As I’m updating the code for the new capabilities on my server I started thinking about using phonetic spell checking to identify words as spam words even if the characters are not correct.
The best example I have come to think up so far is the work viagra and the spam word v|@gr@. Notice the usage of the pipe (|) and the at sign (@) to replace the letter i and the letter a respectively.
The spell checker algorithm that I use only looks at vowels if they are the first letter of the word, therefore the special character in place of the vowels would not even be evaluated if they are not the very first character.
The phonetic encoding for the two variations of the word are as follows:
viagra = FGR
v|@gr@ = FGR
After getting the phonetic encoding it would be a matter of evaluating the word against a list of known spam words. The database of 47,000 words that I have in my spell checker database have no other words that use the phonetic key of FGR. That means that both versions of the word would be considered a spam word and there is little chance that this word would give a false positive.
The only concern that I have on this idea is that many words do generate the same phonetic keys. This would create two issues in my mind, one good and one bad. First the good, there would be fewer potential phonetic keys then there ever could be word combinations. Fewer phonetic keys means faster look ups.
The second problem is that with fewer phonetic keys you are more likely to get false positives or the averages of the words would tend toward neutral more then bad.

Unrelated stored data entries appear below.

(* Consider an execution of the convergence algorithm described in the context, in the CORDA model under a fully asynchronous scheduler, with $n>5f$ robots of which at most $f$ are Byzantine and $m$ are correct. Fix a time $t_0$ and a distance $b>0$. Let $S$ be a set of correct robots with $|S|\ge m-2f$. Suppose there exists a time $t_1\ge t_0$ such that $\max UD_S(t)\le \max UD(t_0)-b$ for every $t>t_1$. Then every destination computed by any correct robot in a cycle that starts after $t_1$ is $\le \max UD(t_0)-b/2$.
   Context: Setting: $n$ robots on the real line, at most $f$ Byzantine (arbitrary positions). Robots are anonymous, oblivious, have no common orientation, and have unlimited visibility with strong multiplicity detection. Correct robots run Look–Compute–Move cycles in the CORDA model: phases of different robots interleave arbitrarily, and the adversary may stop robot $i$ during a Move only after it has moved at least $\delta_i>0$ toward its destination or reached it. The fully asynchronous scheduler only guarantees that each robot is activated infinitely often. Algorithm: with snapshot sorted $P_1\le\dots\le P_n$ and own position $x_i$, robot $i$ is elected iff $x_i\le P_{f+1}$ or $x_i\ge P_{n-f}$. If elected, its destination is the midpoint of $\min(x_i,P_{2f+1})$ and $\max(x_i,P_{n-2f})$, which is the center of $trim^i_{2f}(P)$ (remove, among the $2f$ smallest positions, those below $x_i$, and, among the $2f$ largest positions, those above $x_i$). Notation: the destination of a correct robot at time $t$ is the last destination it computed at or before $t$ (its position if none). $UD(t)$ is the multiset union of positions and destinations of all correct robots at time $t$. $UD_S(t)$ is the same for the robots in $S$ only. *)

From HB Require Import structures.
From mathcomp Require Import all_boot all_order all_algebra.
From mathcomp Require Import reals.
Set Implicit Arguments. Unset Strict Implicit. Unset Printing Implicit Defensive.
Import Order.TTheory GRing.Theory Num.Theory.
Local Open Scope ring_scope.
(* Let $f_1$ and $f_2$ be polynomials (with rational coefficients in variables including $\alpha_1$ and $\alpha_l$) that are linear in $\alpha_1$, where $\alpha_l\neq\alpha_1$. For a polynomial $f$, let $lc(f)$ denote the leading coefficient of $f$ with respect to $\alpha_l$. Then either (1) $\frac{\partial\, lc(f_1)}{\partial\alpha_1}\, lc(f_2)|_{\alpha_1=0}-\frac{\partial\, lc(f_2)}{\partial\alpha_1}\, lc(f_1)|_{\alpha_1=0}=0$, or (2) $\frac{\partial\, lc(f_1)}{\partial\alpha_1}\, lc(f_2)|_{\alpha_1=0}-\frac{\partial\, lc(f_2)}{\partial\alpha_1}\, lc(f_1)|_{\alpha_1=0}= lc\!\left(\frac{\partial f_1}{\partial\alpha_1}\, f_2|_{\alpha_1=0}-\frac{\partial f_2}{\partial\alpha_1}\, f_1|_{\alpha_1=0}\right)$.
   Context: A polynomial is linear in a variable $x$ if its degree in $x$ is at most one (it may be constant in $x$). The leading coefficient of a polynomial $f$ with respect to $\alpha_l$ is the coefficient (a polynomial in the remaining variables) of the highest power of $\alpha_l$ occurring in $f$. *)

From HB Require Import structures.
From mathcomp Require Import all_boot all_order all_algebra.
From mathcomp Require Import mpoly.
Set Implicit Arguments. Unset Strict Implicit. Unset Printing Implicit Defensive.
Import Order.TTheory GRing.Theory Num.Theory.
Local Open Scope ring_scope.

Section Defs.
Variables (n : nat) (R : comRingType).

(* degree of p in the variable x_l (0 for p = 0) *)
Definition mdegv (l : 'I_n) (p : {mpoly R[n]}) : nat :=
  (\max_(m <- msupp p) m l)%N.

Definition linear_in (i : 'I_n) (p : {mpoly R[n]}) : Prop :=
  (mdegv i p <= 1)%N.

(* leading coefficient of p w.r.t. x_l: the coefficient (a polynomial in the
   remaining variables) of x_l ^ (mdegv l p) in p *)
Definition lcv (l : 'I_n) (p : {mpoly R[n]}) : {mpoly R[n]} :=
  \sum_(m <- msupp p | m l == mdegv l p)
     p@_m *: 'X_[(m - U_(l) *+ (m l))%MM].

Definition subst0 (i : 'I_n) (p : {mpoly R[n]}) : {mpoly R[n]} :=
  p \mPo [tuple if j == i then 0 else 'X_j | j < n].
End Defs.

From HB Require Import structures.
From mathcomp Require Import all_boot all_order all_algebra.
From mathcomp Require Import mpoly.
Import GRing.Theory.
Local Open Scope ring_scope.
Set Implicit Arguments. Unset Strict Implicit.

(* View a polynomial as a univariate polynomial in x_l over the polynomials in
   the other variables.  Since x_i is another variable, differentiating in x_i
   and setting x_i := 0 act coefficientwise, and the coefficient of
   x_l^(d1 + d2) in f1' * f2(x_i = 0) - f2' * f1(x_i = 0), where d_k is the
   x_l-degree of f_k, is exactly the left-hand side D.  Nothing of higher
   degree occurs, so either D = 0 or D is the leading coefficient. *)

Section TopCoefficientOfProduct.
Variable S : nzSemiRingType.
Implicit Types P Q : {poly S}.

Lemma size_mul_leqD P Q a b :
  (size P <= a.+1)%N -> (size Q <= b.+1)%N -> (size (P * Q)%R <= (a + b).+1)%N.
Proof.
move=> sizeP sizeQ; apply: leq_trans (size_polyMleq P Q) _.
by rewrite -subn1 leq_subLR add1n -addnS -addSn leq_add.
Qed.

Lemma coefM_leqD P Q a b :
  (size P <= a.+1)%N -> (size Q <= b.+1)%N -> (P * Q)`_(a + b) = P`_a * Q`_b.
Proof.
move=> sizeP sizeQ; rewrite coefM (bigD1 (Ordinal (leq_addr b a.+1))) //=.
rewrite addKn big1 ?addr0 // => j; rewrite -val_eqE /= => j_neq_a.
have [a_lt_j | j_le_a] := ltnP a j.
  by rewrite (leq_sizeP _ _ sizeP) ?mul0r.
rewrite [Q`_ _](leq_sizeP _ _ sizeQ) ?mulr0 //.
by rewrite ltn_subRL ltn_add2r ltn_neqAle j_neq_a.
Qed.
End TopCoefficientOfProduct.

Section CoefficientsInOneVariable.
Variables (n : nat) (R : comNzRingType) (l : 'I_n).
Implicit Types (p q : {mpoly R[n]}) (m : 'X_{1..n}).

Definition mcoefv (k : nat) p : {mpoly R[n]} :=
  \sum_(m <- msupp p | m l == k) p@_m *: 'X_[(m - U_(l) *+ (m l))%MM].

Lemma lcvE p : lcv l p = mcoefv (mdegv l p) p.
Proof. by []. Qed.

Definition polyv_var j : {poly {mpoly R[n]}} := if j == l then 'X else ('X_j)%:P.

Definition polyv p := mmap (polyC \o @mpolyC n R) polyv_var p.

Lemma coef_polyv p k : (polyv p)`_k = mcoefv k p.
Proof.
rewrite /polyv /mmap coef_sum /mcoefv [RHS]big_mkcond /=; apply: eq_bigr => m _.
have -> : mmap1 polyv_var m =
          ('X_[(m - U_(l) *+ (m l))%MM])%:P * 'X^(m l).
  rewrite /mmap1 (bigD1 l) //= /polyv_var eqxx mulrC; congr (_ * _).
  rewrite [in RHS]mpolyXE_id [in RHS](bigD1 l) //= mnmBE mulmnE mnm1E eqxx.
  rewrite mul1n subnn expr0 mul1r rmorph_prod; apply: eq_bigr => j /negbTE jl.
  by rewrite jl rmorphXn mnmBE mulmnE mnm1E eq_sym jl mul0n subn0.
rewrite mulrA -polyCM coefMXn coefC mul_mpolyC.
case: (ltnP k (m l)) => [/gtn_eqF -> // | ml_le_k].
by rewrite subn_eq0 eqn_leq ml_le_k.
Qed.

Lemma mcoefv0 k : mcoefv k 0 = 0.
Proof. by rewrite -coef_polyv /polyv mmap0 coef0. Qed.

Lemma mcoefvD k p q : mcoefv k (p + q) = mcoefv k p + mcoefv k q.
Proof. by rewrite -!coef_polyv /polyv mmapD coefD. Qed.

Lemma mcoefvZ k c p : mcoefv k (c *: p) = c *: mcoefv k p.
Proof. by rewrite -!coef_polyv /polyv mmapZ /= coefCM mul_mpolyC. Qed.

Lemma mcoefvX k m :
  mcoefv k 'X_[m] = if m l == k then 'X_[(m - U_(l) *+ k)%MM] else 0.
Proof.
rewrite /mcoefv msuppX big_cons big_nil addr0 mcoeffX eqxx scale1r.
by case: eqP => // ->.
Qed.

Lemma mcoefv_linear_comm k (F : {linear {mpoly R[n]} -> {mpoly R[n]}}) :
    (forall m, mcoefv k (F 'X_[m]) = F (mcoefv k 'X_[m])) ->
  forall p, mcoefv k (F p) = F (mcoefv k p).
Proof.
move=> FX; elim/mpolyind => [|c m p _ _ IH]; first by rewrite !(raddf0, mcoefv0).
by rewrite !linearD !linearZ /= !mcoefvD !mcoefvZ FX IH !linearD !linearZ.
Qed.

Lemma mcoefv_gt_mdegv k p : (mdegv l p < k)%N -> mcoefv k p = 0.
Proof.
move=> deg_lt_k; rewrite /mcoefv big1_seq // => m /andP [/eqP ml_k m_p].
by move: deg_lt_k; rewrite -ml_k ltnNge (leq_bigmax_seq m).
Qed.

Lemma mcoeff_mcoefv p m : (mcoefv (m l) p)@_(m - U_(l) *+ (m l)) = p@_m.
Proof.
rewrite /mcoefv raddf_sum /=.
have shift_inj m' : m' l = m l ->
    ((m' - U_(l) *+ m' l)%MM == (m - U_(l) *+ m l)%MM) = (m' == m).
  move=> ml'; apply/eqP/eqP => [/mnmP eq_m|->] //; apply/mnmP => j.
  move: (eq_m j); rewrite !mnmBE !mulmnE !mnm1E.
  by case: (l =P j) => [<-|_]; rewrite ?ml' ?muln0 ?subn0.
rewrite (eq_bigr (fun m' => p@_m' * (m' == m)%:R)) => [|m' /eqP ml'].
  have [m_p | m_notp] := boolP (m \in msupp p).
    rewrite big_mkcond (bigD1_seq m) ?msupp_uniq //= !eqxx mulr1 big1 ?addr0 //.
    by move=> m' /negbTE ->; rewrite mulr0 if_same.
  rewrite big1_seq => [|m' /andP [_ m'_p]].
    by apply/esym/eqP; rewrite mcoeff_eq0.
  by case: eqP m'_p => [-> /[!(negbTE m_notp)] | _ _]; rewrite ?mulr0.
by rewrite mcoeffZ mcoeffX shift_inj.
Qed.

Lemma mdegv_leq p d :
  (forall k, (d < k)%N -> mcoefv k p = 0) -> (mdegv l p <= d)%N.
Proof.
move=> vanish; apply/bigmax_leqP_seq => m m_p _; rewrite leqNgt.
apply: contraL m_p => d_lt_ml.
by rewrite mcoeff_msupp -mcoeff_mcoefv vanish // mcoeff0 eqxx.
Qed.

Lemma lcv_polyv p d :
  (size (polyv p) <= d.+1)%N -> (polyv p)`_d != 0 -> lcv l p = (polyv p)`_d.
Proof.
rewrite coef_polyv lcvE => size_le top_neq0.
suff -> : mdegv l p = d by [].
apply/eqP; rewrite eqn_leq mdegv_leq => [|k d_lt_k]; last first.
  by rewrite -coef_polyv (leq_sizeP _ _ size_le).
by rewrite leqNgt; apply: contra top_neq0 => /mcoefv_gt_mdegv ->.
Qed.

Lemma size_polyv_le (F : {mpoly R[n]} -> {mpoly R[n]}) p :
    F 0 = 0 -> (forall k q, mcoefv k (F q) = F (mcoefv k q)) ->
  (size (polyv (F p)) <= (mdegv l p).+1)%N.
Proof.
move=> F0 F_comm; apply/leq_sizeP => k deg_lt_k.
by rewrite coef_polyv F_comm mcoefv_gt_mdegv.
Qed.

Variable i : 'I_n.
Hypothesis l_neq_i : l != i.

Lemma mcoefv_mderiv k p : mcoefv k p^`M(i) = (mcoefv k p)^`M(i).
Proof.
apply: (mcoefv_linear_comm (F := mderiv i)) => m /=.
rewrite mderivX mcoefvZ !mcoefvX mnmBE mnm1E [i == l]eq_sym (negbTE l_neq_i) subn0.
case: eqP => _; last by rewrite mderiv0 scaler0.
rewrite mderivX mnmBE mulmnE mnm1E (negbTE l_neq_i) mul0n subn0.
by congr (_ *: 'X_[_]); apply/mnmP => j; rewrite !mnmBE subnAC.
Qed.

Lemma subst00 : subst0 i (0 : {mpoly R[n]}) = 0.
Proof. exact: comp_mpoly0. Qed.

Lemma subst0X m :
  subst0 i ('X_[m] : {mpoly R[n]}) = if m i == 0%N then 'X_[m] else 0.
Proof.
rewrite /subst0 comp_mpolyX (bigD1 i) //= tnth_mktuple eqxx expr0n.
case: eqP => [mi0|]; last by rewrite mul0r.
rewrite mul1r mpolyXE_id [RHS](bigD1 i) //= mi0 expr0 mul1r.
by apply: eq_bigr => j /negbTE ji; rewrite tnth_mktuple ji.
Qed.

Lemma mcoefv_subst0 k p : mcoefv k (subst0 i p) = subst0 i (mcoefv k p).
Proof.
apply: (mcoefv_linear_comm (F := comp_mpoly _)) => m.
change (mcoefv k (subst0 i 'X_[m]) = subst0 i (mcoefv k 'X_[m])).
have mi_shift : (m - U_(l) *+ k)%MM i = m i.
  by rewrite mnmBE mulmnE mnm1E (negbTE l_neq_i) mul0n subn0.
rewrite subst0X mcoefvX (fun_if (mcoefv k)) (fun_if (subst0 i)).
rewrite mcoefv0 subst00 mcoefvX subst0X mi_shift.
by case: (m i == 0%N); case: (m l == k).
Qed.

Lemma size_polyv_mderiv p : (size (polyv p^`M(i)) <= (mdegv l p).+1)%N.
Proof. by apply: size_polyv_le; [exact: mderiv0 | exact: mcoefv_mderiv]. Qed.

Lemma size_polyv_subst0 p : (size (polyv (subst0 i p)) <= (mdegv l p).+1)%N.
Proof. by apply: size_polyv_le; [exact: subst00 | exact: mcoefv_subst0]. Qed.

Lemma size_polyv_mderiv_subst0 p q :
  (size (polyv p^`M(i) * polyv (subst0 i q))%R <= (mdegv l p + mdegv l q).+1)%N.
Proof. exact: size_mul_leqD (size_polyv_mderiv p) (size_polyv_subst0 q). Qed.

Lemma coef_polyv_mderiv_subst0 p q :
  (polyv p^`M(i) * polyv (subst0 i q))`_(mdegv l p + mdegv l q) =
  (lcv l p)^`M(i) * subst0 i (lcv l q).
Proof.
rewrite !lcvE -mcoefv_mderiv -mcoefv_subst0 -!coef_polyv.
exact: coefM_leqD (size_polyv_mderiv p) (size_polyv_subst0 q).
Qed.

End CoefficientsInOneVariable.

Theorem lcv_cross_mderiv_subst0 (R : comNzRingType) (n : nat) (i l : 'I_n)
    (f1 f2 : {mpoly R[n]}) : l != i ->
  let D := (lcv l f1)^`M(i) * subst0 i (lcv l f2)
           - (lcv l f2)^`M(i) * subst0 i (lcv l f1) in
  D = 0 \/ D = lcv l (f1^`M(i) * subst0 i f2 - f2^`M(i) * subst0 i f1).
Proof.
move=> l_neq_i D; have [-> | D_neq0] := eqVneq D 0; [by left | right].
set E := _ - _.
have polyvE : polyv l E = polyv l f1^`M(i) * polyv l (subst0 i f2)
                          - polyv l f2^`M(i) * polyv l (subst0 i f1).
  by rewrite /polyv mmapB !rmorphM.
have sizeE : (size (polyv l E) <= (mdegv l f1 + mdegv l f2).+1)%N.
  rewrite polyvE (leq_trans (size_polyD _ _)) // geq_max size_polyN.
  apply/andP; split; first exact: size_polyv_mderiv_subst0.
  by rewrite addnC; exact: size_polyv_mderiv_subst0.
have topE : (polyv l E)`_(mdegv l f1 + mdegv l f2) = D.
  rewrite polyvE coefB; congr (_ - _).
    exact: coef_polyv_mderiv_subst0.
  rewrite addnC; exact: coef_polyv_mderiv_subst0.
by rewrite (lcv_polyv sizeE) topE.
Qed.

Theorem lemma3p6 (n : nat) (i l : 'I_n) (f1 f2 : {mpoly rat[n]}) :
  l != i -> linear_in i f1 -> linear_in i f2 ->
  let D := (lcv l f1)^`M(i) * subst0 i (lcv l f2)
           - (lcv l f2)^`M(i) * subst0 i (lcv l f1) in
  D = 0 \/ D = lcv l (f1^`M(i) * subst0 i f2 - f2^`M(i) * subst0 i f1).
Proof. by move=> l_neq_i _ _; apply: lcv_cross_mderiv_subst0. Qed.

Using the Paul Graham Plan for Spam, (Get a copy of Hackers and Painters) this would inherently look for the 15 to 20 ‘most interesting’ words in the email message to generate the spam rating. If a spam word has the same phonetic key as a word that is generally benign, then the spam rating would tend more toward neutral.
The true benefit is to catch the intentional misspellings and usage of special characters in spam messages, and that might be enough to consider further investigation into this method.